Immerse two sheets of porous cellophane in water, and incubate for 5 to 10 minutes. Place one of the sheets on a drying frame. Carefully lift the gel, and place it on the cellophane sheet. Remove any trapped air bubbles, and pour a few mL of water around the edges of the gel. Place the second sheet on top, and remove any trapped air bubbles. Complete the assembly of the drying frame. Place in a drying oven, leave at room temperature until dry, or use a commercial gel dryer.
Molecular Weight Determination
Molecular weights of proteins are determined by comparison of their mobilities with those of several marker proteins of known molecular weight. Mixtures of proteins with precisely known molecular weights blended for uniform staining are available for calibrating gels. They are available in various molecular weight ranges. Concentrated stock solutions of proteins of known molecular weight are diluted in a sample buffer and loaded on the same gel as the protein sample to be tested.

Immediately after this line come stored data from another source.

Lemma Dtot_sq (a b : 'I_n -> R) V x : dX *m dX = V%:M ->
  Dtot par dX a b (Dtot par dX a b x) = [ffun k => (V + \sum_i a i * b i) * x k].
Proof.
move=> dX_sq; rewrite /Dtot /mu.
set P := one_odd par (delta_plus b); set M := dX1 dX; set Q := one_odd par (delta_minus a).
have PD u v : P (u + v) = P u + P v.
  by apply: one_odd_add => ? ?; apply: ext_RlinearD; apply: delta_plus_Rlinear.
have QD u v : Q (u + v) = Q u + Q v.
  by apply: one_odd_add => ? ?; apply: ext_RlinearD; apply: delta_minus_Rlinear.
have PN u : delta_plus b (- u) = - delta_plus b u by apply/ext_RlinearN/delta_plus_Rlinear.
have QN u : delta_minus a (- u) = - delta_minus a u.
  by apply/ext_RlinearN/delta_minus_Rlinear.
have PP : P (P x) = 0.
  by rewrite /P one_odd_comp //; apply/ffunP => k; rewrite ffunE delta_plus_sq !ffunE.
have QQ : Q (Q x) = 0.
  by rewrite /Q one_odd_comp //; apply/ffunP => k; rewrite ffunE delta_minus_sq !ffunE.
have MM : M (M x) = [ffun k => V * x k].
  apply/ffunP => -[i J]; rewrite !ffunE /=.
  rewrite -[RHS](scalar_square_sum (fun j => x (j, J)) i dX_sq).
  by apply: eq_bigr => j _; rewrite ffunE.
have PM : P (M x) = - M (P x).
  by apply/eqP; rewrite -subr_eq0 opprK addrC dX1_one_odd_anticomm //; apply: delta_plus_Rlinear.
have QM : Q (M x) = - M (Q x).
  by apply/eqP; rewrite -subr_eq0 opprK addrC dX1_one_odd_anticomm //; apply: delta_minus_Rlinear.
have QP : Q (P x) = [ffun k => (\sum_i a i * b i) * x k] - P (Q x).
  apply/eqP; rewrite eq_sym subr_eq addrC; apply/eqP; rewrite /P /Q !one_odd_comp //.
  apply/ffunP => k; have CAR := delta_plus_minus a b (rowx x k.1) k.2.
  by rewrite !ffunE in CAR *; rewrite CAR -surjective_pairing.
rewrite !PD !QD /M !dX1_add -/M PP QQ MM PM QM QP.
by apply/ffunP => k; rewrite !ffunE; ring.
Qed.

Lemma one_odd_par f : ext_odd f -> par_map (kpar par) (kpar par) true (one_odd par f).
Proof.
move=> f_odd e x xP [i J] kP; rewrite ffunE /= (f_odd (e (+) par i) (rowx x i)) ?mulr0 //.
  move=> K KP; rewrite ffunE xP //; move: KP; rewrite /kpar /=.
  by case: (par i); case: (odd _); case: e {xP kP}.
by move: kP; rewrite /kpar /=; case: (par i); case: (odd _); case: e {xP}.
Qed.

Lemma dX1_par : par_map (kpar (n:=n) par) (kpar par) true (dX1 dX).
Proof.
move=> e x xP [i J] kP; rewrite ffunE big1 // => j _ /=.
have [pij|pij] := eqVneq (par j) (par i); first by rewrite dX_odd ?mul0r.
rewrite xP ?mulr0 //; move: pij kP; rewrite /kpar /=.
by case: (par i); case: (par j); case: (odd _); case: e {xP}.
Qed.
(* Let $G\in\mathcal{G}_{2n}$ with $F(G)=n-1$. Then $G\in\mathcal{K}^+_{n,n}$ if and only if $G$ contains an independent set of size $n$. If $G\notin\mathcal{K}^+_{n,n}$, then $G$ is a brick, and hence $G$ is $1$-extendable.
   Context: All graphs are finite and simple. $\mathcal{G}_{2n}$ denotes the set of all graphs with $2n$ vertices that have a perfect matching. For a perfect matching $M$ of $G$, a forcing set of $M$ is a subset $S\subseteq M$ contained in no other perfect matching of $G$; $f(G,M)$ is the minimum size of a forcing set of $M$, and $F(G)$ is the maximum of $f(G,M)$ over all perfect matchings $M$. $\mathcal{K}^+_{n,n}$ is the family of graphs obtained from the complete bipartite graph $K_{n,n}$ by adding arbitrary (possibly no) additional edges whose both ends lie in the same one of the two partite sets (all added edges within one fixed partite set). A graph is bicritical if it has an edge and $G-u-v$ has a perfect matching for every pair of distinct vertices $u,v$; a brick is a $3$-connected bicritical graph. A connected graph with at least $2l+2$ vertices is $l$-extendable if it has a perfect matching and every matching of size $l$ is contained in a perfect matching. *)

From mathcomp Require Import all_boot.
Set Implicit Arguments. Unset Strict Implicit. Unset Printing Implicit Defensive.

Section Graphs.
Variable T : finType.
Variable e : rel T.

Definition simple_graph : Prop := symmetric e /\ irreflexive e.

Definition is_edge (E : {set T}) : bool :=
  [exists x, exists y, e x y && (E == [set x; y])].

(* M is a perfect matching of the subgraph induced by X *)
Definition matching_of (X : {set T}) (M : {set {set T}}) : bool :=
  [&& [forall E in M, is_edge E], trivIset M & cover M == X].

Definition perfect_matching (M : {set {set T}}) : bool := matching_of setT M.

Definition has_perfect_matching : Prop := exists M, perfect_matching M.

Definition forcing_set (M S : {set {set T}}) : bool :=
  (S \subset M) &&
  [forall M' : {set {set T}}, (perfect_matching M' && (S \subset M')) ==> (M' == M)].

(* f(G,M): minimum size of a forcing set of M (M itself is one) *)
Definition forcing_number (M : {set {set T}}) : nat :=
  \big[minn/#|M|]_(S : {set {set T}} | forcing_set M S) #|S|.

Definition max_forcing_number : nat :=
  \max_(M : {set {set T}} | perfect_matching M) forcing_number M.

Definition independent (S : {set T}) : bool :=
  [forall x in S, forall y in S, ~~ e x y].

(* G belongs to K^+_{n,n}: there is a bipartition (A,B) with |A|=|B|=n,
   all A-B pairs adjacent, and no edges inside B (extra edges only inside A). *)
Definition in_Kplus (n : nat) : Prop :=
  exists A : {set T}, [/\ #|A| = n, #|~: A| = n,
    (forall a b, a \in A -> b \in ~: A -> e a b) &
    (forall b b', b \in ~: A -> b' \in ~: A -> ~~ e b b')].

Definition connected_on (X : {set T}) : Prop :=
  forall x y, x \in X -> y \in X ->
    connect [rel u v | [&& e u v, u \in X & v \in X]] x y.

Definition connected : Prop := connected_on setT.

Definition k_connected (k : nat) : Prop :=
  k < #|T| /\ forall S : {set T}, #|S| < k -> connected_on (~: S).

Definition bicritical : Prop :=
  (exists x y, e x y) /\
  forall u v, u != v -> exists M, matching_of (~: [set u; v]) M.

Definition brick : Prop := k_connected 3 /\ bicritical.

Definition one_extendable : Prop :=
  [/\ connected, 4 <= #|T|, has_perfect_matching &
      forall E, is_edge E -> exists M, perfect_matching M /\ E \in M].

End Graphs.

From mathcomp Require Import all_boot zify.
Set Implicit Arguments. Unset Strict Implicit. Unset Printing Implicit Defensive.
(* Let $R$ be a commutative ring and $n$ a positive integer. Then the formal power series ring $R[[x]]$ is $n$-strongly clean if and only if $R$ is $n$-strongly clean.
   Context: All rings are associative with identity. For a positive integer $n$, an element $x \in R$ is $n$-strongly clean if $x = e + u_1 + \cdots + u_n$ where $e^2=e$, $u_1,\dots,u_n$ are units of $R$, and $eu_i = u_i e$ for all $i$; $R$ is $n$-strongly clean if every element of $R$ is $n$-strongly clean. *)

From HB Require Import structures.
From mathcomp Require Import all_boot all_order all_algebra.
Set Implicit Arguments. Unset Strict Implicit. Unset Printing Implicit Defensive.
Import GRing.Theory.
Local Open Scope ring_scope.

Definition is_unit_op (T : Type) (mul : T -> T -> T) (one : T) (u : T) : Prop :=
  exists v, mul u v = one /\ mul v u = one.

Definition nsc_elt_op (T : Type) (add mul : T -> T -> T) (zero one : T)
    (n : nat) (x : T) : Prop :=
  exists (e : T) (u : 'I_n -> T),
    [/\ mul e e = e,
        (forall i, is_unit_op mul one (u i)),
        (forall i, mul e (u i) = mul (u i) e) &
        x = add e (\big[add/zero]_(i < n) u i)].

Definition nsc_ring_op (T : Type) (add mul : T -> T -> T) (zero one : T)
    (n : nat) : Prop :=
  forall x : T, nsc_elt_op add mul zero one n x.

Definition n_strongly_clean (R : pzRingType) (n : nat) : Prop :=
  nsc_ring_op (@GRing.add R) (@GRing.mul R) 0 1 n.

Definition fps (R : Type) := nat -> R.

Definition fps_add (R : pzRingType) (f g : fps R) : fps R := fun k => f k + g k.
Definition fps_mul (R : pzRingType) (f g : fps R) : fps R :=
  fun k => \sum_(i < k.+1) f i * g (k - i)%N.
Definition fps_zero (R : pzRingType) : fps R := fun _ => 0.
Definition fps_one (R : pzRingType) : fps R := fun k => (k == 0%N)%:R.

Definition fps_n_strongly_clean (R : pzRingType) (n : nat) : Prop :=
  nsc_ring_op (@fps_add R) (@fps_mul R) (fps_zero R) (fps_one R) n.

From mathcomp Require Import all_boot all_order all_algebra.
From Stdlib Require Import FunctionalExtensionality.
From mathcomp Require Import zify.
Set Implicit Arguments. Unset Strict Implicit. Unset Printing Implicit Defensive.
Import GRing.Theory.
Local Open Scope ring_scope.

(* The constant-term map R[[x]] -> R, f |-> f_0, is a surjective unital ring
   morphism with section a |-> a (constant series).  Hence:
   - (R[[x]] => R)  a homomorphic image of an n-strongly clean ring is
     n-strongly clean (nsc_ring_op_image), applied to this morphism;
   - (R => R[[x]])  decompose f_0 = e + u_1 + ... + u_n in R and take the
     constant idempotent e, the constant units u_i, except that the
     non-constant part of f is added to one chosen u_i0.  Each of these
     series is a unit because a power series whose constant term is a unit
     is itself a unit (fps_unit_of_coef0_unit), and everything commutes
     since R, hence R[[x]], is commutative (fps_nsc_lift).
   The inverse of a series is built coefficient by coefficient from the
   usual recursion g_(m+1) = - b * sum_(i <= m) f_(i+1) g_(m-i), b = f_0^-1. *)

Lemma nsc_ring_op_image (T S : Type) (addT mulT : T -> T -> T) (zT oT : T)
    (addS mulS : S -> S -> S) (zS oS : S) (phi : T -> S) (sec : S -> T)
    (n : nat) :
  {morph phi : x y / addT x y >-> addS x y} ->
  {morph phi : x y / mulT x y >-> mulS x y} ->
  phi zT = zS -> phi oT = oS -> cancel sec phi ->
  nsc_ring_op addT mulT zT oT n -> nsc_ring_op addS mulS zS oS n.
Proof.
move=> phiD phiM phi0 phi1 secK cleanT y.
rewrite -(secK y); have [e [u [ee uU eu ->]]] := cleanT (sec y).
exists (phi e), (phi \o u); split => [||i|].
- by rewrite -phiM ee.
- move=> i; have [v [uv vu]] := uU i.
  by exists (phi v); rewrite -!phiM uv vu phi1.
- by rewrite /= -!phiM eu.
- by rewrite phiD (big_morph phi phiD phi0).
Qed.

Section CoefficientCalculus.
Variable R : pzRingType.

Definition fps_const (a : R) : fps R := fun k => if k == 0%N then a else 0.

Lemma fps_mul_coef0 (f g : fps R) : fps_mul f g 0%N = f 0%N * g 0%N.
Proof. by rewrite /fps_mul big_ord1. Qed.

Lemma fps_sum_coef (n : nat) (u : 'I_n -> fps R) (k : nat) :
  (\big[@fps_add R/fps_zero R]_(i < n) u i) k = \sum_(i < n) u i k.
Proof. exact: (big_morph (fun f : fps R => f k)). Qed.

Lemma fps_mul_constl (a : R) (g : fps R) :
  fps_mul (fps_const a) g = fun k => a * g k.
Proof.
apply: functional_extensionality => k.
rewrite /fps_mul big_ord_recl subn0 big1 ?addr0 // => i _.
by rewrite /fps_const mul0r.
Qed.

End CoefficientCalculus.

Lemma fps_mulC (R : comPzRingType) (f g : fps R) : fps_mul f g = fps_mul g f.
Proof.
apply: functional_extensionality => k; rewrite /fps_mul.
rewrite (reindex_inj rev_ord_inj); apply: eq_bigr => i _.
have -> : (rev_ord i : nat) = (k - i)%N by rewrite [LHS]subSS.
by rewrite subKn 1?mulrC // -ltnS.
Qed.

Section RightInverse.
Variables (R : pzRingType) (f : fps R) (b : R).

(* inv_upto m holds the coefficients of degree <= m of the inverse (and is
   meaningless beyond degree m): degree m+1 is obtained from the lower ones. *)
Fixpoint inv_upto (m : nat) : nat -> R :=
  match m with
  | 0%N => fun k => if k == 0%N then b else 0
  | m'.+1 => fun k =>
      if k == m'.+1 then - b * \sum_(i < m'.+1) f i.+1 * inv_upto m' (m' - i)%N
      else inv_upto m' k
  end.

Lemma inv_upto_stable (m k : nat) : (k <= m)%N -> inv_upto m k = inv_upto k k.
Proof.
move=> km; rewrite -(subnK km) addnC; elim: (m - k)%N => [|d IH].
  by rewrite addn0.
by rewrite addnS /= ifN_eq // -addnS; lia.
Qed.

Definition fps_rinv : fps R := fun k => inv_upto k k.

Lemma fps_rinv_rec (m : nat) :
  fps_rinv m.+1 = - b * \sum_(i < m.+1) f i.+1 * fps_rinv (m - i)%N.
Proof.
rewrite /fps_rinv /= eqxx; congr (_ * _); apply: eq_bigr => i _.
by rewrite inv_upto_stable // leq_subr.
Qed.

Lemma fps_rinvP : f 0%N * b = 1 -> fps_mul f fps_rinv = fps_one R.
Proof.
move=> fb; apply: functional_extensionality => -[|m].
  by rewrite fps_mul_coef0 /fps_rinv /= fb.
rewrite /fps_mul big_ord_recl subn0 fps_rinv_rec mulrA mulrN fb mulN1r.
by rewrite addNr.
Qed.

End RightInverse.

Lemma fps_unit_of_coef0_unit (R : comPzRingType) (f : fps R) :
  is_unit_op (@GRing.mul R) 1 (f 0%N) -> is_unit_op (@fps_mul R) (fps_one R) f.
Proof.
case=> b [fb _]; exists (fps_rinv f b).
have fg := fps_rinvP fb.
by split; last rewrite fps_mulC.
Qed.

Lemma fps_nsc_lift (R : comPzRingType) (n : nat) (i0 : 'I_n) (f : fps R) :
  nsc_elt_op +%R *%R 0 1 n (f 0%N) ->
  nsc_elt_op (@fps_add R) (@fps_mul R) (fps_zero R) (fps_one R) n f.
Proof.
case=> e [u [ee uU _ f0E]].
pose U i : fps R :=
  fun k => if k == 0%N then u i else if i == i0 then f k else 0.
exists (fps_const e), U; split => [||i|].
- rewrite fps_mul_constl; apply: functional_extensionality => k.
  by rewrite /fps_const; case: eqP; rewrite ?ee ?mulr0.
- by move=> i; apply: fps_unit_of_coef0_unit; apply: uU.
- exact: fps_mulC.
- apply: functional_extensionality => k; rewrite /fps_add fps_sum_coef.
  rewrite /fps_const /U; case: eqP => [-> // | _].
  by rewrite add0r -big_mkcond big_pred1_eq.
Qed.

Theorem proposition1p5 (R : comPzRingType) (n : nat) (hn : (0 < n)%N) :
  fps_n_strongly_clean R n <-> n_strongly_clean R n.
Proof.
split=> [cleanFps | cleanR f].
- (* the constant term is a unital ring morphism onto R, split by fps_const *)
  have coef0D : {morph (fun f : fps R => f 0%N) : f g / fps_add f g >-> f + g}.
    by [].
  have coef0M : {morph (fun f : fps R => f 0%N) : f g / fps_mul f g >-> f * g}.
    exact: fps_mul_coef0.
  have coef00 : fps_zero R 0%N = 0 by [].
  have coef01 : fps_one R 0%N = 1 by [].
  have constK : cancel (@fps_const R) (fun f => f 0%N) by [].
  exact: (nsc_ring_op_image coef0D coef0M coef00 coef01 constK cleanFps).
- exact: (fps_nsc_lift (Ordinal hn) (cleanR (f 0%N))).
Qed.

Immediately after the gel has been run, the position of the bromophenol blue tracking dye is marked to identify the leading edge of the electrophoretic ion front. This can be done by cutting notches in the edges of the gel or by inserting a needle soaked in India ink into the gel at the dye front. After staining, measure the migration distances of each protein band (markers and unknowns) from the top of the Resolving Gel. Divide the migration distance of each protein by the distance traveled by the tracking dye. The normalized migration distances so obtained are called the relative mobilities of the proteins (relative to the dye front) and conventionally denoted as RF . Construct a (semilogarithmic) plot of the logarithm of the molecular weights (MR) of the protein standards as functions of the RF values. [noteThe graphs are slightly sigmoid.] From the graph so obtained, estimate the unknown molecular weights by linear regression analysis or interpolation, as long as unknown samples are positioned along the linear part of the graph.

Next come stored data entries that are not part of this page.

Lemma mex_spec l : (mex l <= length l)%nat /\ ~ In (mex l) l.
Proof.
  unfold mex. destruct (find _ _) as [t|] eqn:E.
  - apply find_some in E as [Ht Hfresh]. apply in_seq in Ht. split; [lia|].
    intros Hin. apply Bool.negb_true_iff in Hfresh.
    assert (existsb (Nat.eqb t) l = true)
      by (apply existsb_exists; exists t; split; auto; apply Nat.eqb_refl).
    congruence.
  - exfalso. assert (Hincl : incl (seq 0 (S (length l))) l).
    { intros t Ht. pose proof (find_none _ _ E t Ht) as Hf.
      apply Bool.negb_false_iff, existsb_exists in Hf as [u [Hu Htu]].
      apply Nat.eqb_eq in Htu; subst; auto. }
    apply NoDup_incl_length in Hincl; [|apply seq_NoDup]. rewrite length_seq in Hincl; lia.
Qed.

Lemma is_finite_incl {T : Type} (l : list T) (P : T -> Prop) :
  (forall p, P p -> In p l) -> is_finite P.
Proof.
  intros H.
  assert (Hd : forall a b : T, {a = b} + {a <> b}) by (intros; apply excluded_middle_informative).
  set (lP := filter (fun p => holds (P p)) (nodup Hd l)).
  exists (length lP), lP. split; [apply NoDup_filter, NoDup_nodup|split; auto].
  intros p. unfold lP; rewrite filter_In, nodup_In.
  destruct (holdsP (P p)); split.
  - intros; split; auto.
  - tauto.
  - intros; contradiction.
  - intros [_ Hf]; discriminate.
Qed.

Lemma has_card_le_length {T : Type} (P : T -> Prop) (n : nat) (l : list T) :
  has_card P n -> (forall p, P p -> In p l) -> (n <= length l)%nat.
Proof.
  intros [l' [Hnd [HP <-]]] H. apply NoDup_incl_length; auto.
  intros p Hp; apply H, HP; auto.
Qed.

Lemma length_le_has_card {T : Type} (P : T -> Prop) (n : nat) (l : list T) :
  has_card P n -> NoDup l -> (forall p, In p l -> P p) -> (length l <= n)%nat.
Proof.
  intros [l' [_ [HP <-]]] Hnd H. apply NoDup_incl_length; auto.
  intros p Hp; apply HP, H; auto.
Qed.

Lemma Rdiv_nonneg (a b : R) : 0 <= a -> 0 <= b -> 0 <= a / b.
Proof.
  intros Ha [Hb| <-]; unfold Rdiv.
  - apply Rmult_le_pos; auto. left; now apply Rinv_0_lt_compat.
  - rewrite Rinv_0; lra.
Qed.

Definition rsum {A : Type} (f : A -> R) (l : list A) : R :=
  fold_right (fun a acc => f a + acc) 0 l.

Section Rsum.
Context {A : Type}.
Implicit Types (f g : A -> R) (l : list A).

Lemma rsum_app f l1 l2 : rsum f (l1 ++ l2) = rsum f l1 + rsum f l2.
Proof. induction l1; simpl; [lra|rewrite IHl1; lra]. Qed.

Lemma rsum_ext f g l : (forall a, In a l -> f a = g a) -> rsum f l = rsum g l.
Proof. induction l; simpl; intros H; auto. rewrite H, IHl; auto. Qed.

Lemma rsum_le f g l : (forall a, In a l -> f a <= g a) -> rsum f l <= rsum g l.
Proof.
  induction l as [|a l IH]; simpl; intros H; [lra|].
  pose proof (H a (or_introl eq_refl)). pose proof (IH (fun b Hb => H b (or_intror Hb))). lra.
Qed.

Lemma rsum_plus f g l : rsum (fun a => f a + g a) l = rsum f l + rsum g l.
Proof. induction l; simpl; [lra|rewrite IHl; lra]. Qed.

Lemma rsum_scal c f l : rsum (fun a => c * f a) l = c * rsum f l.
Proof. induction l; simpl; [lra|rewrite IHl; lra]. Qed.

Lemma rsum_minus f g l : rsum (fun a => f a - g a) l = rsum f l - rsum g l.
Proof. induction l; simpl; [lra|rewrite IHl; lra]. Qed.

Lemma rsum_const c l : rsum (fun _ => c) l = c * INR (length l).
Proof.
  induction l as [|a l IH]; [simpl; lra|].
  change (rsum (fun _ => c) (a :: l)) with (c + rsum (fun _ => c) l).
  cbn [length]. rewrite IH, S_INR. ring.
Qed.

Lemma rsum_nonneg f l : (forall a, In a l -> 0 <= f a) -> 0 <= rsum f l.
Proof. intros H. rewrite <- (Rmult_0_l (INR (length l))), <- rsum_const. now apply rsum_le. Qed.

Lemma rsum_single f l a : In a l -> NoDup l -> (forall b, In b l -> 0 <= f b) -> f a <= rsum f l.
Proof.
  induction l as [|b l IH]; simpl; intros Ha Hnd Hpos; [contradiction|].
  inversion Hnd; subst.
  assert (0 <= rsum f l) by (apply rsum_nonneg; auto).
  destruct Ha as [<-|Ha]; [lra|].
  pose proof (Hpos b (or_introl eq_refl)).
  pose proof (IH Ha ltac:(auto) (fun c Hc => Hpos c (or_intror Hc))). lra.
Qed.

Lemma rsum_abs f l : Rabs (rsum f l) <= rsum (fun a => Rabs (f a)) l.
Proof.
  induction l; simpl; [rewrite Rabs_R0; lra|].
  eapply Rle_trans; [apply Rabs_triang|lra].
Qed.

End Rsum.

Lemma rsum_flat_map {A B : Type} (f : B -> R) (g : A -> list B) (l : list A) :
  rsum f (flat_map g l) = rsum (fun a => rsum f (g a)) l.
Proof. induction l; [reflexivity|]. cbn [flat_map]. rewrite rsum_app, IHl; reflexivity. Qed.

Lemma rsum_map {A B : Type} (f : B -> R) (g : A -> B) (l : list A) :
  rsum f (map g l) = rsum (fun a => f (g a)) l.
Proof. induction l as [|a l IH]; [reflexivity|]. unfold rsum in *; simpl; now rewrite IH. Qed.

Lemma INR_length_flat_map {A B : Type} (g : A -> list B) (l : list A) :
  INR (length (flat_map g l)) = rsum (fun a => INR (length (g a))) l.
Proof. induction l; [reflexivity|]. cbn [flat_map]. rewrite length_app, plus_INR, IHl; reflexivity. Qed.


Lemma NoDup_flat_map {A B : Type} (f : A -> list B) (l : list A) :
  NoDup l -> (forall a, In a l -> NoDup (f a)) ->
  (forall a a' b, In a l -> In a' l -> a <> a' -> In b (f a) -> ~ In b (f a')) ->
  NoDup (flat_map f l).
Proof.
  induction l as [|a l IH]; intros Hnd Hf Hdisj; simpl; [constructor|].
  inversion Hnd; subst. apply NoDup_app.
  - apply Hf; simpl; auto.
  - apply IH; auto; [intros; apply Hf; simpl; auto|].
    intros a1 a2 b ? ? ?; apply Hdisj; simpl; auto.
  - intros b Hb Hb'. apply in_flat_map in Hb' as [a' [Ha' Hb']].
    apply (Hdisj a a' b); simpl; auto. intros <-; contradiction.
Qed.

Lemma floor_bounds (r : R) :
  0 <= r -> INR (Z.to_nat (Int_part r)) <= r < INR (Z.to_nat (Int_part r)) + 1.
Proof.
  intros H. destruct (base_Int_part r) as [H1 H2].
  assert (0 <= Int_part r)%Z.
  { destruct (Z_lt_le_dec (Int_part r) 0); auto.
    assert (IZR (Int_part r) <= -1) by (apply IZR_le; lia). lra. }
  rewrite INR_IZR_INZ, Z2Nat.id by auto. lra.
Qed.

(** * Property A from l1-weights *)

(** The l1-distance between the point masses [a] and [b] sitting at two
    centres, [same] telling whether the centres coincide. *)
Definition mass_dist (same : bool) (a b : R) : R := if same then Rabs (a - b) else a + b.

Lemma mass_dist_nonneg same a b : 0 <= a -> 0 <= b -> 0 <= mass_dist same a b.
Proof. intros; destruct same; simpl; [apply Rabs_pos|lra]. Qed.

If the proteins of the molecular weight marker are not distributed along 80% of the length of the gel and over the required separation range (i.e., the range covering the product and its dimer or the products and its related impurities), and the separation obtained for the relevant protein bands does not show a linear relationship between the logarithm of the molecular weight and the RF , the test is not valid.

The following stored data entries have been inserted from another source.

Lemma proj_unique u z : T u -> Vh z ->
  (forall w, Vh w -> ah (u - z) w = 0) -> P u = z.
Proof.
move=> Tu Vhz z_orth; have [VhPu Pu_orth] := hP Tu.
have Vhd : Vh (P u - z) by apply: subspaceB.
have Tuz : T (u - z) by apply: subspaceB hT Tu (VhT Vhz).
have TuP : T (u - P u) by apply: subspaceB hT Tu (VhT VhPu).
have d_eq : P u - z = (u - z) - (u - P u).
  by rewrite opprB addrCA addrAC subrr add0r.
have ahd0 : ah (P u - z) (P u - z) = 0.
  by rewrite {1}d_eq (bilBl hT ahbil) ?z_orth ?Pu_orth ?subrr //; apply: VhT.
apply/eqP; rewrite -subr_eq0; apply/negPn/negP => d0.
by case: ahip => _ _ ahpos; have := ahpos _ Vhd d0; rewrite ahd0 ltxx.
Qed.

Lemma proj_linear : linear_on T P.
Proof.
move=> c u v Tu Tv; have [VhPu Pu_orth] := hP Tu; have [VhPv Pv_orth] := hP Tv.
apply: proj_unique.
- exact: subspaceD hT (subspaceZ c hT Tu) Tv.
- exact: subspaceD hVh (subspaceZ c hVh VhPu) VhPv.
move=> w Vhw.
have -> : c *: u + v - (c *: P u + P v) = c *: (u - P u) + (v - P v).
  by rewrite scalerBr opprD addrACA.
have TuP : T (u - P u) by apply: subspaceB hT Tu (VhT VhPu).
have TvP : T (v - P v) by apply: subspaceB hT Tv (VhT VhPv).
by rewrite ahbil ?Pu_orth ?Pv_orth ?mulr0 ?addr0 //; apply: VhT.
Qed.

Lemma proj_pythagoras v : T v ->
  ah v v = ah (P v) (P v) + ah (v - P v) (v - P v).
Proof.
move=> Tv; have [VhPv Pv_orth] := hP Tv; have TPv := VhT VhPv.
have TvP : T (v - P v) by apply: subspaceB.
have -> : ah v v = ah (P v + (v - P v)) (P v + (v - P v)) by rewrite addrC subrK.
by rewrite (bil_sqD hT ahsym ahbil) // (ahsym TPv TvP) Pv_orth // mulr0 addr0.
Qed.

End Projection.

Section MinmaxComparison.
Variables (R : realType) (X W : lmodType R) (V Vh T : set X) (a ah : X -> X -> R)
  (b : W -> W -> R) (gamma gammah : X -> W) (P : X -> X) (C : R).
Hypotheses (hV : subspace V) (hVh : subspace Vh) (hT : subspace T)
  (VT : V `<=` T) (VhT : Vh `<=` T)
  (aip : inner_product_on V a) (bip : inner_product_on setT b)
  (ahsym : symmetric_on T ah) (ahbil : bilinear_on T ah) (ahpsd : psd_on T ah)
  (ahip : inner_product_on Vh ah) (ah_a : forall u v, V u -> V v -> ah u v = a u v)
  (gammah_lin : linear_on T gammah) (gammah_cpt : compact_on T ah gammah b)
  (gammah_gamma : forall u, V u -> gammah u = gamma u)
  (hP : forall u, T u -> Vh (P u) /\ forall w, Vh w -> ah (u - P u) w = 0)
  (C0 : 0 <= C)
  (hC : forall v, T v -> fnorm b (gammah (v - P v)) <= C * fnorm ah (v - P v)).

Let bpsd : forall y, 0 <= b y y := inner_product_sq_ge0 bip.

Lemma proj_defect_le v : T v ->
  b (gammah (v - P v)) (gammah (v - P v)) <= C ^+ 2 * ah (v - P v) (v - P v).
Proof.
move=> Tv; have [VhPv _] := hP Tv.
apply: fnorm_le_sq => //; last exact: hC.
by apply: ahpsd; apply: subspaceB hT Tv (VhT VhPv).
Qed.

Lemma ratio_le_of_proj_eq0 v : V v -> v != 0 -> P v = 0 ->
  b (gamma v) (gamma v) / a v v <= C ^+ 2.
Proof.
move=> Vv v0 Pv0; case: aip => _ _ apos.
have := proj_defect_le (VT Vv); rewrite Pv0 subr0 gammah_gamma // ah_a //.
by rewrite ler_pdivrMr ?apos.
Qed.

Lemma ratio_le_proj v : V v -> P v != 0 ->
  b (gamma v) (gamma v) / a v v <=
  b (gammah (P v)) (gammah (P v)) / ah (P v) (P v) + C ^+ 2.
Proof.
move=> Vv Pv0; have Tv := VT Vv; have [VhPv _] := hP Tv.
have TPv := VhT VhPv.
have TvP : T (v - P v) by apply: subspaceB.
have -> : gamma v = gammah (P v) + gammah (v - P v).
  by rewrite -gammah_gamma // -(lin_onD gammah_lin) // addrC subrK.
rewrite -ah_a // (proj_pythagoras hT VhT ahsym ahbil hP Tv).
rewrite (bil_sqD (subspaceT W)) //; try by case: bip.
apply: ratio_split_le; [by case: ahip => _ _; apply | exact: ahpsd |
  exact: sqr_ge0 | exact: proj_defect_le |].
move=> s t; apply: (psd_cross_le (subspaceT W)) => //; by case: bip.
Qed.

Quantification of Impurities
Where the impurity limit is specified in the individual monograph, a reference solution corresponding to that level of impurity is prepared by diluting the test solution. For example, where the limit is 5.0%, a reference solution is a 1 in 20 dilution of the test solution. No impurityany band other than the main bandin the electrophoretogram obtained from the test solution is more intense than the main band obtained with the reference solution.
Under validated conditions and when using the Coomassie staining procedure, impurities may be quantified by normalization to the main band, using an integrating densitometer. In this case, the responses must be validated for linearity.